── Exercise inputs

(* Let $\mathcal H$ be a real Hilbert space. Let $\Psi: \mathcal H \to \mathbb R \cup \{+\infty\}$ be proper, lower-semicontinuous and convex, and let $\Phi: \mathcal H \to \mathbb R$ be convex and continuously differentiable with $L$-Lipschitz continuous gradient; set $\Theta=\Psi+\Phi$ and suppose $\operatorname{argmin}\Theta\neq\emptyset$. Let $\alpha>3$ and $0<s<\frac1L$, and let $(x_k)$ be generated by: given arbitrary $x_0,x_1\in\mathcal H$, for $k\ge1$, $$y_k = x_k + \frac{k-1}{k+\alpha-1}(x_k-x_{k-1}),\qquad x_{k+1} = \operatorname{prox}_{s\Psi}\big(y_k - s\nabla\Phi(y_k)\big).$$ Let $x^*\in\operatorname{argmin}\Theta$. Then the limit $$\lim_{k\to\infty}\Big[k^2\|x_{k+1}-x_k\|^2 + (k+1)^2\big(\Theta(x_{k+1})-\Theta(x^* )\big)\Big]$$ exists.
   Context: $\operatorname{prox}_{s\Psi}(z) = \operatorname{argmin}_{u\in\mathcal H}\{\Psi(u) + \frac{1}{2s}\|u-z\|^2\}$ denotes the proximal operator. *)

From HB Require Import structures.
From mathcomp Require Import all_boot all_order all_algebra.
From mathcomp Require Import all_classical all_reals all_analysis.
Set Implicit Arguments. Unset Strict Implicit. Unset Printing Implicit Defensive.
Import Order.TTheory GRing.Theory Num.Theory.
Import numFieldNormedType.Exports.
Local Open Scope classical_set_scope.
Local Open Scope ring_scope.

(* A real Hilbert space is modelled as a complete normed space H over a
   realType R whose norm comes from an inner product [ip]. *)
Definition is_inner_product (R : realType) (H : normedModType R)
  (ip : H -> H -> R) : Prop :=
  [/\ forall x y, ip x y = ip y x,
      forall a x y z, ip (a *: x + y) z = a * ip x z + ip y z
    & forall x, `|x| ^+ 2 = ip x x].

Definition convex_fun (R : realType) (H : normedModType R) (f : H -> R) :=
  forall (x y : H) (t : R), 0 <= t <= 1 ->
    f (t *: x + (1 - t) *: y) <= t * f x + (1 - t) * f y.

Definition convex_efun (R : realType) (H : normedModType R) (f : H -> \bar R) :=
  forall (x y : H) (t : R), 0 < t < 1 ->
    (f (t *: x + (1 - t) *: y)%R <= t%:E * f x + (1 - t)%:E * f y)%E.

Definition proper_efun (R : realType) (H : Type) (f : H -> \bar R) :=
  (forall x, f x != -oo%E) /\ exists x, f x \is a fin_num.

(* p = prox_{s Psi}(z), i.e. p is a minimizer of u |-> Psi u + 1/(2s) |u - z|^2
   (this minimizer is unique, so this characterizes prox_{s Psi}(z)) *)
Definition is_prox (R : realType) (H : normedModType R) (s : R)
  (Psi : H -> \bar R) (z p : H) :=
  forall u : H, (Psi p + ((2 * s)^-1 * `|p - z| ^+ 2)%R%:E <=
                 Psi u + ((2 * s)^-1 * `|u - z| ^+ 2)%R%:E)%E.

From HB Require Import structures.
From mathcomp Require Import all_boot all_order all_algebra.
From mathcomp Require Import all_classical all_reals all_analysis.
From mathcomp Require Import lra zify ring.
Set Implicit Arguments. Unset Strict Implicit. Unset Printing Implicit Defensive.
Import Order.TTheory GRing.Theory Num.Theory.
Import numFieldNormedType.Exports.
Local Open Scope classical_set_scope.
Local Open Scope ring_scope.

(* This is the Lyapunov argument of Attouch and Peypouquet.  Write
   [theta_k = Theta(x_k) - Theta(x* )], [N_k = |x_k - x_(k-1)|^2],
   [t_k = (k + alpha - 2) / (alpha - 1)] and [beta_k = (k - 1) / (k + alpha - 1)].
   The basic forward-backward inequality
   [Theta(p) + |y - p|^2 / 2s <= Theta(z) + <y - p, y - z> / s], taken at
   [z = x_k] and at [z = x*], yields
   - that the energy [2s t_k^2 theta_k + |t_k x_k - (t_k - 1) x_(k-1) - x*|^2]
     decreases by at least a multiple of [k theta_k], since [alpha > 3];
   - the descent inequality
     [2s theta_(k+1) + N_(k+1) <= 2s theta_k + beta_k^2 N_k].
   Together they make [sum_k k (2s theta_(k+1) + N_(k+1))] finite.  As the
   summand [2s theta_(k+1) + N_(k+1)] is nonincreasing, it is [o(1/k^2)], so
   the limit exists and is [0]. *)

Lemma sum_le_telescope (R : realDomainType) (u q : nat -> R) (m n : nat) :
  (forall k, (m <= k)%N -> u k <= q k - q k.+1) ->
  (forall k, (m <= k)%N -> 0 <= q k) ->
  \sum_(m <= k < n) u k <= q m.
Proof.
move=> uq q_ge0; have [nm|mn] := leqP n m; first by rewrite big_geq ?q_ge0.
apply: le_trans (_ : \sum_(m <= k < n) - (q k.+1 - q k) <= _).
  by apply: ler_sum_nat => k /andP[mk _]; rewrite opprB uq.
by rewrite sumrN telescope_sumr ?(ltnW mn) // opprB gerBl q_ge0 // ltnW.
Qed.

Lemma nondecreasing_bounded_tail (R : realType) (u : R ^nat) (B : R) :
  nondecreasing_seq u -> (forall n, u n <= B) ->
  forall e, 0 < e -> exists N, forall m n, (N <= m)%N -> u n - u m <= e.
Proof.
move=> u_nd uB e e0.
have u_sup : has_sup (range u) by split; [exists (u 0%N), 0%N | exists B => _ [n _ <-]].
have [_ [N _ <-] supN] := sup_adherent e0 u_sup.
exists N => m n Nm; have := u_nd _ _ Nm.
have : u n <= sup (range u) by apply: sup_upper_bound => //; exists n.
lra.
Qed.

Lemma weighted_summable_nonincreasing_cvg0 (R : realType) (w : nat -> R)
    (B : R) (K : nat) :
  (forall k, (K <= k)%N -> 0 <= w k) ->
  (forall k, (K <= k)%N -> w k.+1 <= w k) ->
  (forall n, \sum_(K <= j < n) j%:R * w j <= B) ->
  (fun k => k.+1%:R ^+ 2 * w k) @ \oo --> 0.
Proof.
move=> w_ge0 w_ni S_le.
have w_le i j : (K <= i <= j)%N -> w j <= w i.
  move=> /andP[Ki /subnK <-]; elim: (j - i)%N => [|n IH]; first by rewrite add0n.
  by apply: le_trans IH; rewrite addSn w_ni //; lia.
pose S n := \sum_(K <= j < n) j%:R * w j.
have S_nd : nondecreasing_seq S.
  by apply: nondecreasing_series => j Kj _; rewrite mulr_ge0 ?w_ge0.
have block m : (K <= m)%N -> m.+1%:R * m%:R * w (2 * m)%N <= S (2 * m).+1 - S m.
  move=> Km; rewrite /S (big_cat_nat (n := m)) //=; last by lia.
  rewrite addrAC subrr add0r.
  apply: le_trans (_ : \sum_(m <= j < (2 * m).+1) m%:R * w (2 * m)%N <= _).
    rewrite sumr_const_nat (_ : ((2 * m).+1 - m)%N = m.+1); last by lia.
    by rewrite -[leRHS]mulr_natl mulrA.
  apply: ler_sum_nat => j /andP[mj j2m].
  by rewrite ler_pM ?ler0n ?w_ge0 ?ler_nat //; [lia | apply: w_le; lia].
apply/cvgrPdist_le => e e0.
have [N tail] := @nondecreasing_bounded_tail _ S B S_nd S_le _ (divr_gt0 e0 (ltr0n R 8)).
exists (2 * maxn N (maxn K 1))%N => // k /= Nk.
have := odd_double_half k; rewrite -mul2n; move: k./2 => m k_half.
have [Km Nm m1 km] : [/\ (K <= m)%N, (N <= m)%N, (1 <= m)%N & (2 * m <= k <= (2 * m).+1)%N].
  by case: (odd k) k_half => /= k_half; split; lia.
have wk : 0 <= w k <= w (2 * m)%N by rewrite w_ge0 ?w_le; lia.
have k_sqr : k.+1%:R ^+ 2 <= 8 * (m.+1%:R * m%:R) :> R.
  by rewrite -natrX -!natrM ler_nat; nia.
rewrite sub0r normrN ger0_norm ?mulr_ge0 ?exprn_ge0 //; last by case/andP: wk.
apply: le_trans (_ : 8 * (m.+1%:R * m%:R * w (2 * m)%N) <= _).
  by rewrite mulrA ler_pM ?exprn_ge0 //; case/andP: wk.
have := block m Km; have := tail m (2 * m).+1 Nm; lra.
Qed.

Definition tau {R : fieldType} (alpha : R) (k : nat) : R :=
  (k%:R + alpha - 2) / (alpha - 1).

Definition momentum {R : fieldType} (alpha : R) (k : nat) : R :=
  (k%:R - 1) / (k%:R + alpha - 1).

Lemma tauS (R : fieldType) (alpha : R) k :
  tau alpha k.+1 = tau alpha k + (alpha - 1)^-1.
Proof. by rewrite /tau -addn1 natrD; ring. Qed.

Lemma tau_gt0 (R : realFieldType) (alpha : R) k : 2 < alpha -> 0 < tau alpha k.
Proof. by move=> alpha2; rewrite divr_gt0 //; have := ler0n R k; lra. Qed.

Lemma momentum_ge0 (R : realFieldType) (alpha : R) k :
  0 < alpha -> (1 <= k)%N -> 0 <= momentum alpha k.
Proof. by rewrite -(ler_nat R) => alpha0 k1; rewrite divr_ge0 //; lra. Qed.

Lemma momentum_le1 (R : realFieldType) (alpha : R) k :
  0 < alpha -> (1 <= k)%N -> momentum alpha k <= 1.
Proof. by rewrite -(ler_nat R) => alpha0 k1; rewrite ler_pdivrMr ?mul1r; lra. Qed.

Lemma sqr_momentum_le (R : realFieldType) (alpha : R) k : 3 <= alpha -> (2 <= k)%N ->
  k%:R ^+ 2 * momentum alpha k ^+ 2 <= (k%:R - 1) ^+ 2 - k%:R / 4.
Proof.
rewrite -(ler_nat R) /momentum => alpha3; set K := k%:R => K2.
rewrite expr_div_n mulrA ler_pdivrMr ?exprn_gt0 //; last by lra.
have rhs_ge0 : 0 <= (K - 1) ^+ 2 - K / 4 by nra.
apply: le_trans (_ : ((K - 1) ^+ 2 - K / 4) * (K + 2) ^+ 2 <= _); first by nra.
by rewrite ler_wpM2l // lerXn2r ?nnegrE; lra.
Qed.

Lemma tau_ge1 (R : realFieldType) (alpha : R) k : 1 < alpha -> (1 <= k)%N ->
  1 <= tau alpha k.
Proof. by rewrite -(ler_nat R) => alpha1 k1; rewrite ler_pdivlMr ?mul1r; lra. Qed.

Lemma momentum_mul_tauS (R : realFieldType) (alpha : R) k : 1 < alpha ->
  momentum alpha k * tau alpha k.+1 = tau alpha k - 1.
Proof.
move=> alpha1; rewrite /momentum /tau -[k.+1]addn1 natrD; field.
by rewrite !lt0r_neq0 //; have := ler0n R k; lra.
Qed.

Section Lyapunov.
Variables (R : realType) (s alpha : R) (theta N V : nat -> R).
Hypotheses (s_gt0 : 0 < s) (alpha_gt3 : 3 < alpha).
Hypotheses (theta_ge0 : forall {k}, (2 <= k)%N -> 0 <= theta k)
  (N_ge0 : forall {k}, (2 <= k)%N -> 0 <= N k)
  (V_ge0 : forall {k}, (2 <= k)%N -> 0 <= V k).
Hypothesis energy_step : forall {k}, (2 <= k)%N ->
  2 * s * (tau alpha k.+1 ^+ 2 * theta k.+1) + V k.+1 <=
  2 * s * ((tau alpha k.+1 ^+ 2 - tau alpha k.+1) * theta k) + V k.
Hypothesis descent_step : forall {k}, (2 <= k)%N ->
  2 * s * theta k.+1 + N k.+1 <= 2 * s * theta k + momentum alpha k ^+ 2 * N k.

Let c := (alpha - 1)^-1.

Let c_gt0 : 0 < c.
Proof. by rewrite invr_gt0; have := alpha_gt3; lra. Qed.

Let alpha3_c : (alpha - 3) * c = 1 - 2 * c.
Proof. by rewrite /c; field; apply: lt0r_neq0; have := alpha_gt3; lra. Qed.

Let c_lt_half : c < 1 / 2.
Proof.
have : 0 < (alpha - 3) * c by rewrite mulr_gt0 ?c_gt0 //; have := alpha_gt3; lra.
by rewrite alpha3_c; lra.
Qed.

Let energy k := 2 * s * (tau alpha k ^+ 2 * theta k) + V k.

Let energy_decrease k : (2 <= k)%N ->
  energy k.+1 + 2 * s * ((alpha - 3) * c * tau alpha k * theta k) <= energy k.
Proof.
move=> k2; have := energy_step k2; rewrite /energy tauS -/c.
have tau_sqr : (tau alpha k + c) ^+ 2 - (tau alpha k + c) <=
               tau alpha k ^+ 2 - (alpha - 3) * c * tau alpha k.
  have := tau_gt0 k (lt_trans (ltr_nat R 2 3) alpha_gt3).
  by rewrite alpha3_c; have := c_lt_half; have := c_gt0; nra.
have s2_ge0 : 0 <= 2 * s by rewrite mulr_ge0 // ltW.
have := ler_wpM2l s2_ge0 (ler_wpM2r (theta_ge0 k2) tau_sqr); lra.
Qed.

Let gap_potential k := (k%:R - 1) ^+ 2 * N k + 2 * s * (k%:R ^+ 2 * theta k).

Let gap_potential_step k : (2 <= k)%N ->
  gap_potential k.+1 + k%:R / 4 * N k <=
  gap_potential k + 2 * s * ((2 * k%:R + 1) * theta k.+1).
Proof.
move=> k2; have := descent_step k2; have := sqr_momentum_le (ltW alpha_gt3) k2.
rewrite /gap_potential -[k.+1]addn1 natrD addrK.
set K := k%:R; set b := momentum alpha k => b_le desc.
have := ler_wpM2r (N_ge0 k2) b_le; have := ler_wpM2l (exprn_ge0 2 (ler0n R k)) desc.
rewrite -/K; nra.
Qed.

────

Work out how many lines above have the string "inequality" in them, and give only the number.

Solution to the problem
2